Fluctuations in vertical surface noise directionality, driven by upper ocean variability, as observed from a deep-water drifting platform

Periodic fluctuations in the vertical directionality of surface-generated noise have been observed during multiple deep-water drifting platform deployments in the New England Seamount, Southern California Bight, and Hawaiian Ridge regions. Ambient sound in the 500–20 000 Hz band was recorded using co-located hydrophone arrays and an acoustic vector sensor. Consistent 15- to 20-min oscillations in the apparent vertical angle and intensity of surface noise were detected at depths between 100 and 800 m, suggesting that upper-ocean processes modulate surface-noise generation and/or its propagation.
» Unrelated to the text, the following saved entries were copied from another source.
Lemma iso_inv0 i : g i 0 = 0.
Proof.
have := @iso_inv_lin i 1 0 0; rewrite !scale1r addr0 => e.
by apply: (@addrI _ (g i 0)); rewrite addr0 -e.
Qed.

Lemma iso_inv_eq0 i x : (g i x == 0) = (x == 0).
Proof. by rewrite -{1}(iso_inv0 i) (can_eq (@gK i)). Qed.

Lemma is_cycle_iso v al : is_cycle T1 v al -> is_cycle T2 (fun i => f i (v i)) al.
Proof. by move=> hv i; rewrite -f_edges; apply: hv. Qed.

Lemma is_cycle_iso_inv w al : is_cycle T2 w al -> is_cycle T1 (fun i => g i (w i)) al.
Proof. by move=> hw i; rewrite f_edges !gK; apply: hw. Qed.

Lemma comb_st_iso_inv r (ws : 'I_r -> forall i, 'rV[F]_(vdim T2 i)) k i :
  comb_st T1 (fun j i => g i (ws j i)) k i = g i (comb_st T2 ws k i).
Proof.
apply: (big_rec2 (fun x y => x = g i y)) => [|j x y _ ->]; first by rewrite iso_inv0.
by rewrite iso_inv_lin.
Qed.

Lemma product_basis_iso_inv r (ws : 'I_r -> forall i, 'rV[F]_(vdim T2 i)) als :
  product_basis T2 ws als -> product_basis T1 (fun j i => g i (ws j i)) als.
Proof.
have f_eq0 i x : (x == 0) = (f i x == 0) by rewrite -iso_inv_eq0 fK.
move=> [hcyc [hind [hspan hsub]]]; split; [|split; [|split]].
- by move=> j; apply: is_cycle_iso_inv.
- move=> k hk; apply: hind => i; apply/eqP.
  by rewrite -iso_inv_eq0 -comb_st_iso_inv hk.
- move=> v al /is_cycle_iso /hspan[k [hv hal]].
  by exists k; split=> // i; rewrite comb_st_iso_inv -hv fK.
- move=> s hs v al hc /(cycle_has_span_supp _ _ (fun i => f_eq0 i (v i))) hsv.
  have [k [hk [hv hal]]] := hsub s hs _ _ (is_cycle_iso hc) hsv.
  exists k; split=> [j /hk|]; last by split=> // i; rewrite comb_st_iso_inv -hv fK.
  by apply: (proj1 (cycle_has_span_supp _ _ _)) => i; rewrite iso_inv_eq0.
Qed.

Lemma has_min_span_iso_inv w al s :
  has_min_span T2 w al s -> has_min_span T1 (fun i => g i (w i)) al s.
Proof. by apply: (proj1 (has_min_span_supp _ _ _)) => i; rewrite iso_inv_eq0. Qed.

End IsoTransport.

Section ParametrizedIso.
Variables (F : finFieldType) (n r : nat) (T1 T2 : trellis F n).
Variables (lab : ('I_r -> F) -> 'I_n -> F)
          (p : forall i, ('I_r -> F) -> 'rV[F]_(vdim T1 i))
          (q : forall i, ('I_r -> F) -> 'rV[F]_(vdim T2 i)).
Hypothesis p_lin : forall i c k k', p i (fun j => c * k j + k' j) = c *: p i k + p i k'.
Hypothesis q_lin : forall i c k k', q i (fun j => c * k j + k' j) = c *: q i k + q i k'.
Hypotheses (p_surj : forall i x, exists k, p i k = x) (q_surj : forall i y, exists k, q i k = y).
Hypothesis pq_eq : forall i k k', p i k = p i k' <-> q i k = q i k'.
Hypothesis p_edges : forall i x al y, (x, al, y) \in edges T1 i <->
  exists k, [/\ x = p i k, al = lab k i & y = p (ordS i) k].
Hypothesis q_edges : forall i x al y, (x, al, y) \in edges T2 i <->
  exists k, [/\ x = q i k, al = lab k i & y = q (ordS i) k].

(* Two trellises whose vertices and edges are images of the same coefficient
   space, with the same kernels, are isomorphic through x = p k |-> q k. *)
Lemma trellis_iso_param : trellis_iso T1 T2.
Proof.
pose pinv i x := proj1_sig (constructive_indefinite_description _ (@p_surj i x)).
pose qinv i y := proj1_sig (constructive_indefinite_description _ (@q_surj i y)).
have pinvK i x : p i (pinv i x) = x.
  by rewrite /pinv; case: constructive_indefinite_description.
have qinvK i y : q i (qinv i y) = y.
  by rewrite /qinv; case: constructive_indefinite_description.
have q_pinv i k : q i (pinv i (p i k)) = q i k by apply/pq_eq; rewrite pinvK.
exists (fun i x => q i (pinv i x)); split; [|split].
- move=> i c x y; rewrite -q_lin; apply/pq_eq.
  by rewrite p_lin !pinvK.
- move=> i; exists (fun y => p i (qinv i y)) => [x|y]; last by rewrite q_pinv qinvK.
  by rewrite -[RHS]pinvK; apply/pq_eq; rewrite qinvK.
- move=> i x al y; apply/idP/idP.
    by case/p_edges=> k [-> -> ->]; apply/q_edges; exists k; rewrite !q_pinv.
  case/q_edges=> k [ex -> ey]; apply/p_edges; exists k.
  by split=> //; [rewrite -(pinvK i x) | rewrite -(pinvK _ y)]; apply/pq_eq.
Qed.

End ParametrizedIso.

Section ElementaryProduct.
Variables (F : finFieldType) (n r : nat).
Variables (alpha : 'I_r -> 'I_n -> F) (a : 'I_r -> 'I_n) (l : 'I_r -> nat).

Local Notation active j i := (i \in ival (a j) 1 (l j)).

Definition elem_product_seq (s : seq 'I_r) : trellis F n :=
  foldr (fun j T => trellis_prod (elem_trellis (alpha j) (a j) (l j)) T) trivial_trellis s.

(* The vertex with coordinate k j in each factor j; a factor inactive at i
   contributes an empty block. *)
Fixpoint prod_vertex_seq (s : seq 'I_r) (i : 'I_n) (k : 'I_r -> F) :
    'rV[F]_(vdim (elem_product_seq s) i) :=
  match s return 'rV[F]_(vdim (elem_product_seq s) i) with
  | [::] => 0
  | j :: s' => row_mx (k j *: const_mx 1 : 'rV[F]_(elem_dim (a j) (l j) i))
                      (prod_vertex_seq s' i k)
  end.

Lemma const_row_eq (b : bool) (c c' : F) :
  (c *: const_mx 1 : 'rV[F]_(if b then 1 else 0)%N) = c' *: const_mx 1 <-> (b -> c = c').
Proof.
case: b; split=> //; last by rewrite !thinmx0.
  by move=> /matrixP /(_ 0 0); rewrite !mxE !mulr1 => ->.
by move=> ->.
Qed.

Lemma const_row_surj (b : bool) (y : 'rV[F]_(if b then 1 else 0)%N) :
  exists c : F, y = c *: const_mx 1.
Proof.
case: b y => y; last by exists 0; rewrite !thinmx0.
by exists (y 0 0); apply/matrixP => i j; rewrite !mxE !ord1 mulr1.
Qed.

Lemma prod_vertex_seq_eq s i k k' :
  prod_vertex_seq s i k = prod_vertex_seq s i k' <->
  (forall j, j \in s -> active j i -> k j = k' j).
Proof.
elim: s => [|j s IH] /=; first by split.
split=> [/eq_row_mx[/const_row_eq ej /IH es] j'|e].
  by rewrite inE => /orP[/eqP->|/es]; [apply: ej | apply].
congr row_mx; last by apply/IH => j' js; apply: e; rewrite inE js orbT.
by apply/(const_row_eq (active j i)); apply: e; rewrite inE eqxx.
Qed.

Lemma prod_vertex_seqD s i c k k' :
  prod_vertex_seq s i (fun j => c * k j + k' j) =
  c *: prod_vertex_seq s i k + prod_vertex_seq s i k'.
Proof.
elim: s => [|j s IH] /=; first by rewrite scaler0 addr0.
by rewrite IH scale_row_mx add_row_mx scalerA scalerDl.
Qed.

Lemma prod_vertex_seq0 s i : prod_vertex_seq s i (fun _ => 0) = 0.
Proof. by elim: s => //= j s ->; rewrite scale0r row_mx0. Qed.

Lemma prod_vertex_seq_surj s i y :
  uniq s -> exists k, prod_vertex_seq s i k = y.
Proof.
elim: s y => [|j s IH] y /=; first by exists (fun _ => 0); rewrite thinmx0.
move=> /andP[js us]; rewrite -(hsubmxK y).
have [c ->] := const_row_surj (lsubmx y); have [k <-] := IH (rsubmx y) us.
exists (fun j' => if j' == j then c else k j'); rewrite eqxx; congr row_mx.
by apply/prod_vertex_seq_eq => j' j's _; case: eqP => // e; rewrite -e j's in js.
Qed.

Lemma edges_elem_product_seq s i x al y : uniq s ->
  (x, al, y) \in edges (elem_product_seq s) i <->
  exists k, [/\ x = prod_vertex_seq s i k, al = \sum_(j <- s) k j * alpha j i
              & y = prod_vertex_seq s (ordS i) k].
Proof.
elim: s x al y => [|j s IH] x al y /=.
  by move=> _; rewrite inE; split=> [/eqP[-> -> ->]|[k [-> -> ->]]];
    [exists (fun _ => 0) | ]; rewrite big_nil.
move=> /andP[js us]; split.
  case/imset2P=> [[[x1 al1] y1] [[x2 al2] y2] /imsetP[c _ [-> -> ->]]].
  move=> /(IH _ _ _ us)[k [-> -> ->]] [-> -> ->].
  pose k' j' := if j' == j then c else k j'.
  have kk' i' : prod_vertex_seq s i' k = prod_vertex_seq s i' k'.
    by apply/prod_vertex_seq_eq => j' j's _; rewrite /k'; case: eqP => // e; rewrite -e j's in js.
  exists k'; rewrite /= !kk' big_cons /k' eqxx; split=> //; congr (_ + _).
  by apply: eq_big_seq => j' j's; case: eqP => // e; rewrite -e j's in js.
case=> k [-> -> ->]; rewrite big_cons; apply/imset2P.
apply: (Imset2spec (x1 := (k j *: const_mx 1, k j * alpha j i, k j *: const_mx 1))
                   (x2 := (prod_vertex_seq s i k, \sum_(j <- s) k j * alpha j i,
                           prod_vertex_seq s (ordS i) k))) => //.
  by apply/imsetP; exists (k j).
by apply/IH => //; exists k.
Qed.

Definition prod_vertex i k : 'rV[F]_(vdim (elem_product alpha a l) i) :=
  prod_vertex_seq (enum 'I_r) i k.

Lemma prod_vertex_eq i k k' :
  prod_vertex i k = prod_vertex i k' <-> (forall j, active j i -> k j = k' j).
Proof.
rewrite /prod_vertex prod_vertex_seq_eq.
by split=> e j; [apply: e; rewrite mem_enum | move=> _; apply: e].
Qed.

Lemma prod_vertex_eq0 i k : prod_vertex i k = 0 <-> (forall j, active j i -> k j = 0).
Proof.
have z : prod_vertex i (fun _ => 0) = 0 by apply: prod_vertex_seq0.
by rewrite -z; apply: prod_vertex_eq.
Qed.

Lemma prod_vertexD i c k k' :
  prod_vertex i (fun j => c * k j + k' j) = c *: prod_vertex i k + prod_vertex i k'.
Proof. exact: prod_vertex_seqD. Qed.

Lemma prod_vertex_surj i (y : 'rV[F]_(vdim (elem_product alpha a l) i)) :
  exists k, prod_vertex i k = y.
Proof. exact/prod_vertex_seq_surj/enum_uniq. Qed.

Lemma edges_elem_product i x al y :
  (x, al, y) \in edges (elem_product alpha a l) i <->
  exists k, [/\ x = prod_vertex i k, al = comb_lab alpha k i & y = prod_vertex (ordS i) k].
Proof.
have E k : \sum_(j <- enum 'I_r) k j * alpha j i = comb_lab alpha k i by rewrite enumT.
have Pedges := @edges_elem_product_seq (enum 'I_r) i x al y (enum_uniq _).
split=> [/Pedges[k [-> -> ->]]|[k [ex eal ey]]]; first by exists k; rewrite E.
by apply/Pedges; exists k; rewrite ex eal ey E.
Qed.

End ElementaryProduct.

Section CanonicalBasis.
Variables (F : finFieldType) (n r : nat).
Variables (alpha : 'I_r -> 'I_n.+1 -> F) (a : 'I_r -> 'I_n.+1) (l : 'I_r -> nat).
Hypotheses (l_le : forall j, (l j <= n.+1)%N)
           (alpha_span : forall j, vec_has_span (alpha j) (a j) (l j)).

Local Notation P := (elem_product alpha a l).
Local Notation V := (prod_vertex alpha a l).
Local Notation active j i := (i \in ival (a j) 1 (l j)).

Lemma alpha_support0 j i : l j = 0%N -> alpha j i != 0 -> i = a j.
Proof.
move=> l0 hi; have := alpha_span j; rewrite /vec_has_span l0 => /(_ i hi).
exact: ival_point.
Qed.

Lemma alpha_support j i : (0 < l j)%N -> alpha j i != 0 -> active j i \/ active j (ordS i).
Proof.
move=> lpos hi; have := alpha_span j; rewrite /vec_has_span.
case: ifP => [ln _|_ /(_ i hi)]; last exact: ival_closed_open.
by left; rewrite (_ : l j = n.+1) ?ival_full //; apply/eqP; rewrite eqn_leq l_le.
Qed.

(* Along a cycle, each factor's coordinate is constant on its active arc. *)
Lemma elem_product_cycle w al : is_cycle P w al ->
  exists k, (forall i, w i = V i k) /\ (forall i, al i = comb_lab alpha k i).
Proof.
move=> hw.
have hK i : {k | [/\ w i = V i k, al i = comb_lab alpha k i & w (ordS i) = V (ordS i) k]}.
  by apply: constructive_indefinite_description; apply/edges_elem_product; apply: hw.
pose K i := sval (hK i).
have [wK alK wSK] : [/\ forall i, w i = V i (K i), forall i, al i = comb_lab alpha (K i) i
                     & forall i, w (ordS i) = V (ordS i) (K i)].
  by split=> i; rewrite /K; case: (hK i) => ? [].
have step j t : active j (ordS t) -> K (ordS t) j = K t j.
  by move: (wSK t); rewrite wK => /prod_vertex_eq; apply.
have Kc j t : active j t -> K t j = K (a j) j.
  exact: (arc_constant (K := fun t => K t j) (step j)).
exists (fun j => K (a j) j); split=> [i|i].
  by rewrite wK; apply/prod_vertex_eq => j; apply: Kc.
rewrite alK; apply: eq_bigr => j _; case: (eqVneq (alpha j i) 0) => [->|hi].
  by rewrite !mulr0.
congr (_ * _); case: (posnP (l j)) => [l0|lpos].
  by rewrite (alpha_support0 l0 hi).
by case: (alpha_support lpos hi) => [/Kc //|/[dup] /step <- /Kc].
Qed.

Hypothesis atom_sep : forall j1 j2, j1 != j2 -> l j1 = 0%N -> l j2 = 0%N -> a j1 != a j2.
Hypothesis atom_nz : forall j, l j = 0%N -> alpha j (a j) != 0.

Definition unit_coef (j : 'I_r) : 'I_r -> F := fun j' => (j' == j)%:R.

Definition canon_cycle j i := V i (unit_coef j).

Lemma comb_canon k i : comb_st P canon_cycle k i = V i k.
Proof.
have -> : comb_st P canon_cycle k i = V i (fun j' => \sum_(j < r) k j * unit_coef j j').
  rewrite /comb_st /canon_cycle; elim: (index_enum _) => [|j t IH].
    by rewrite big_nil; apply/esym/prod_vertex_eq0 => j' _; rewrite big_nil.
  by rewrite big_cons IH -prod_vertexD; apply/prod_vertex_eq => j' _; rewrite big_cons.
apply/prod_vertex_eq => j' _; rewrite (bigD1 j') //= /unit_coef eqxx mulr1.
by rewrite big1 ?addr0 // => j hj; rewrite eq_sym (negPf hj) mulr0.
Qed.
To investigate these potential physical drivers, we analyze environmental data, including from a high-resolution thermistor string and upward-looking echosounder, collected during earlier deployments in a subset of the study regions, along with new experiments conducted in the Southern California Bight. Acoustic observations are compared with numerical simulations of surface noise generation and propagation in stratified, range-dependent environments. The results provide new insight into how temporal variability in near-surface structure, such as bubble plume distribution or internal wave sound speed fluctuations, can influence the angular dependence of ambient noise. Work sponsored by ONR TFO.